- **WORK ORDER**: How many lines below contain the string "Definition"? Reply with the figure and no further words.

#### MATERIAL FOR THE TASK

Lemma path_sumS k i j :
  path_sum k.+1 i j = \sum_(l < j.+1 | (i <= l)%N) asg i l * path_sum k l j.
Proof.
under [RHS]eq_bigr do rewrite mulr_sumr.
rewrite /path_sum big_tuple_cons [RHS](exchange_big_dep predT) //=.
apply: eq_bigr => t _.
under eq_bigl => x do rewrite tnth0 tnth_cons_max path_cons_sorted /=.
under eq_bigr => x _ do rewrite path_weight_cons.
case: (boolP ((val (tnth t ord_max) == j) && sorted leq (map val t)))
  => [/andP[-> ->] | t_bad].
  under eq_bigl do rewrite !andbT andbC andTb.
  under [RHS]eq_bigl do rewrite !andbT eq_sym.
  rewrite (big_ord1_cond_eq _ (fun x => asg x (thead t) * path_weight t)
                                (fun x => x <= thead t)%N).
  rewrite (big_ord1_cond_eq _ (fun l => asg i l * path_weight t)) ltn_ord /=.
  have [le_it|] := leqP i (thead t); last by rewrite andbF.
  by rewrite (leq_ltn_trans le_it (ltn_ord _)).
rewrite [RHS]big_pred0 => [|l]; last by rewrite !andbF.
by rewrite big_pred0 // => x; apply: contraNF t_bad => /and4P[_ -> _ ->].
Qed.

Lemma path_sum0 i j : path_sum 0 i j = (i == j)%:R.
Proof.
rewrite /path_sum big_tuple_cons (big_pred1 [tuple]) => [|t]; last first.
  by apply/esym/eqP/tuple0.
under eq_bigl => x do rewrite /= andbT andbC.
under eq_bigr => x _ do rewrite /path_weight big_ord0.
rewrite (big_ord1_cond_eq _ (fun=> 1) (fun x => x == j)).
by case: eqP => [->|]; rewrite ?ltnSn ?andbF.
Qed.

Lemma path_eval_sum k i j : path_eval asg k i j = path_sum k i j.
Proof. by case: k => [|k] //; rewrite path_sum0. Qed.

Lemma path_evalS k i j :
  path_eval asg k.+1 i j = \sum_(l < j.+1 | (i <= l)%N) asg i l * path_eval asg k l j.
Proof.
by under [RHS]eq_bigr do rewrite path_eval_sum; rewrite path_eval_sum path_sumS.
Qed.

End PathPolynomials.

Lemma path_eval_lt (R : comNzRingType) (asg : nat -> nat -> R) k i j :
  (j < i)%N -> path_eval asg k i j = 0.
Proof.
case: k => [|k] ltji; first by rewrite /= gtn_eqF.
rewrite path_evalS big1 // => l le_il.
by have := leq_ltn_trans le_il (ltn_ord l); rewrite ltnS leqNgt ltji.
Qed.

Lemma eq_path_eval (R : comNzRingType) (asg1 asg2 : nat -> nat -> R) k i j :
  (forall x y, (i <= x <= y)%N -> (y <= j)%N -> asg1 x y = asg2 x y) ->
  path_eval asg1 k i j = path_eval asg2 k i j.
Proof.
elim: k i => [|k IHk] i eq_asg //; rewrite !path_evalS.
apply: eq_bigr => l le_il; have le_lj : (l <= j)%N by rewrite -ltnS.
rewrite eq_asg ?leqnn ?le_il // (IHk l) // => x y /andP[le_lx le_xy] le_yj.
by apply: eq_asg; rewrite ?(leq_trans le_il le_lx).
Qed.

Section Projections.
Variable A : pzSemiRingType.
Implicit Types (c d : A).

Lemma expr_lproj c d n : d * c * d = d * c -> (d * c) ^+ n.+1 = d * c ^+ n.+1.
Proof.
move=> dcd; elim: n => [|n IHn]; first by rewrite !expr1.
by rewrite exprS IHn mulrA dcd -mulrA -exprS.
Qed.

Lemma expr_rproj c d n : d * c * d = c * d -> (c * d) ^+ n.+1 = c ^+ n.+1 * d.
Proof.
move=> dcd; elim: n => [|n IHn]; first by rewrite !expr1.
by rewrite exprSr IHn -mulrA [d * (c * d)]mulrA dcd mulrA -exprSr.
Qed.

End Projections.

Section UpperTriangular.
Variables (R : comNzRingType) (m : nat).
Implicit Types (C : 'M[R]_m.+1) (p : {poly R}) (f : {poly 'M[R]_m.+1}).

Definition mx_asg C : nat -> nat -> R := fun x y => C (inord x) (inord y).

Lemma exprmx_path_eval C k (a b : 'I_m.+1) :
  upper_tri C -> (C ^+ k) a b = path_eval (mx_asg C) k a b.
Proof.
move=> C_upper; elim: k a b => [|k IHk] a b; first by rewrite expr0 mxE.
rewrite exprS -mulmxE mxE path_evalS.
rewrite (big_ord_widen_cond m.+1 (fun l => a <= l)%N
  (fun l => mx_asg C a l * path_eval (mx_asg C) k l b) (ltn_ord b)).
rewrite [RHS]big_mkcond; apply: eq_bigr => l _.
rewrite IHk /mx_asg !inord_val.
have [le_al|lt_la] /= := leqP a l; last by rewrite C_upper ?mul0r.
by case: leqP => // lt_bl; rewrite path_eval_lt ?mulr0.
Qed.

Lemma horner_mx_polyE C n (E : nat -> R) a b :
  horner_mx C (\poly_(k < n) E k) a b = \sum_(k < n) E k * (C ^+ k) a b.
Proof.
rewrite poly_def raddf_sum summxE.
by apply: eq_bigr => k _; rewrite /= horner_mxZ rmorphXn /= horner_mx_X mxE.
Qed.

Lemma horner_mxE C p a b :
  horner_mx C p a b = \sum_(k < size p) p`_k * (C ^+ k) a b.
Proof. by rewrite -{1}[p]coefK horner_mx_polyE. Qed.

Lemma horner_mx_pairing C p (a b : 'I_m.+1) :
  upper_tri C -> horner_mx C p a b = pairing_eval p a b (mx_asg C).
Proof.
by move=> C_upper; rewrite horner_mxE; apply: eq_bigr => k _; rewrite exprmx_path_eval.
Qed.

Lemma horner_mx_upper0 C p (a b : 'I_m.+1) :
  upper_tri C -> (b < a)%N -> horner_mx C p a b = 0.
Proof.
move=> C_upper lt_ba; rewrite horner_mx_pairing // /pairing_eval.
by rewrite big1 // => k _; rewrite path_eval_lt ?mulr0.
Qed.

Lemma entry_poly_lower0 f (a b : 'I_m.+1) :
  (forall k, upper_tri f`_k) -> (b < a)%N -> entry_poly f a b = 0.
Proof.
move=> f_upper lt_ba; apply/polyP => k.
by rewrite coef_poly coef0; case: ifP => // _; apply: f_upper.
Qed.

Lemma rsubstE f C (i j : 'I_m.+1) :
  rsubst f C i j = \sum_h horner_mx C (entry_poly f i h) h j.
Proof.
under [RHS]eq_bigr do rewrite horner_mx_polyE.
by rewrite summxE exchange_big; apply: eq_bigr => k _; rewrite -mulmxE mxE.
Qed.

Lemma lsubstE f C (i j : 'I_m.+1) :
  lsubst f C i j = \sum_h horner_mx C (entry_poly f h j) i h.
Proof.
under [RHS]eq_bigr do rewrite horner_mx_polyE.
rewrite summxE exchange_big; apply: eq_bigr => k _; rewrite -mulmxE mxE.
by apply: eq_bigr => h _; rewrite mulrC.
Qed.

End UpperTriangular.

Section Restriction.
Variables (R : comNzRingType) (m : nat).
Implicit Types (C : 'M[R]_m.+1) (f : {poly 'M[R]_m.+1}) (P : pred 'I_m.+1).

Definition pred_mx P : 'M[R]_m.+1 := diag_mx (\row_a (P a)%:R).

Lemma pred_mx_mulE P C a b : (pred_mx P * C) a b = if P a then C a b else 0.
Proof. by rewrite -mulmxE mul_diag_mx !mxE; case: (P a); rewrite ?mul1r ?mul0r. Qed.

Lemma mul_pred_mxE P C a b : (C * pred_mx P) a b = if P b then C a b else 0.
Proof. by rewrite -mulmxE mul_mx_diag !mxE; case: (P b); rewrite ?mulr1 ?mulr0. Qed.

Lemma pred_mx_stablel P C :
  (forall a b, P a -> ~~ P b -> C a b = 0) ->
  pred_mx P * C * pred_mx P = pred_mx P * C.
Proof.
move=> C_closed; apply/matrixP => a b; rewrite mul_pred_mxE !pred_mx_mulE.
by case: ifP => // Pb; case: ifP => // Pa; rewrite C_closed ?Pb.
Qed.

########

- **FINISHED EXERCISE**: 2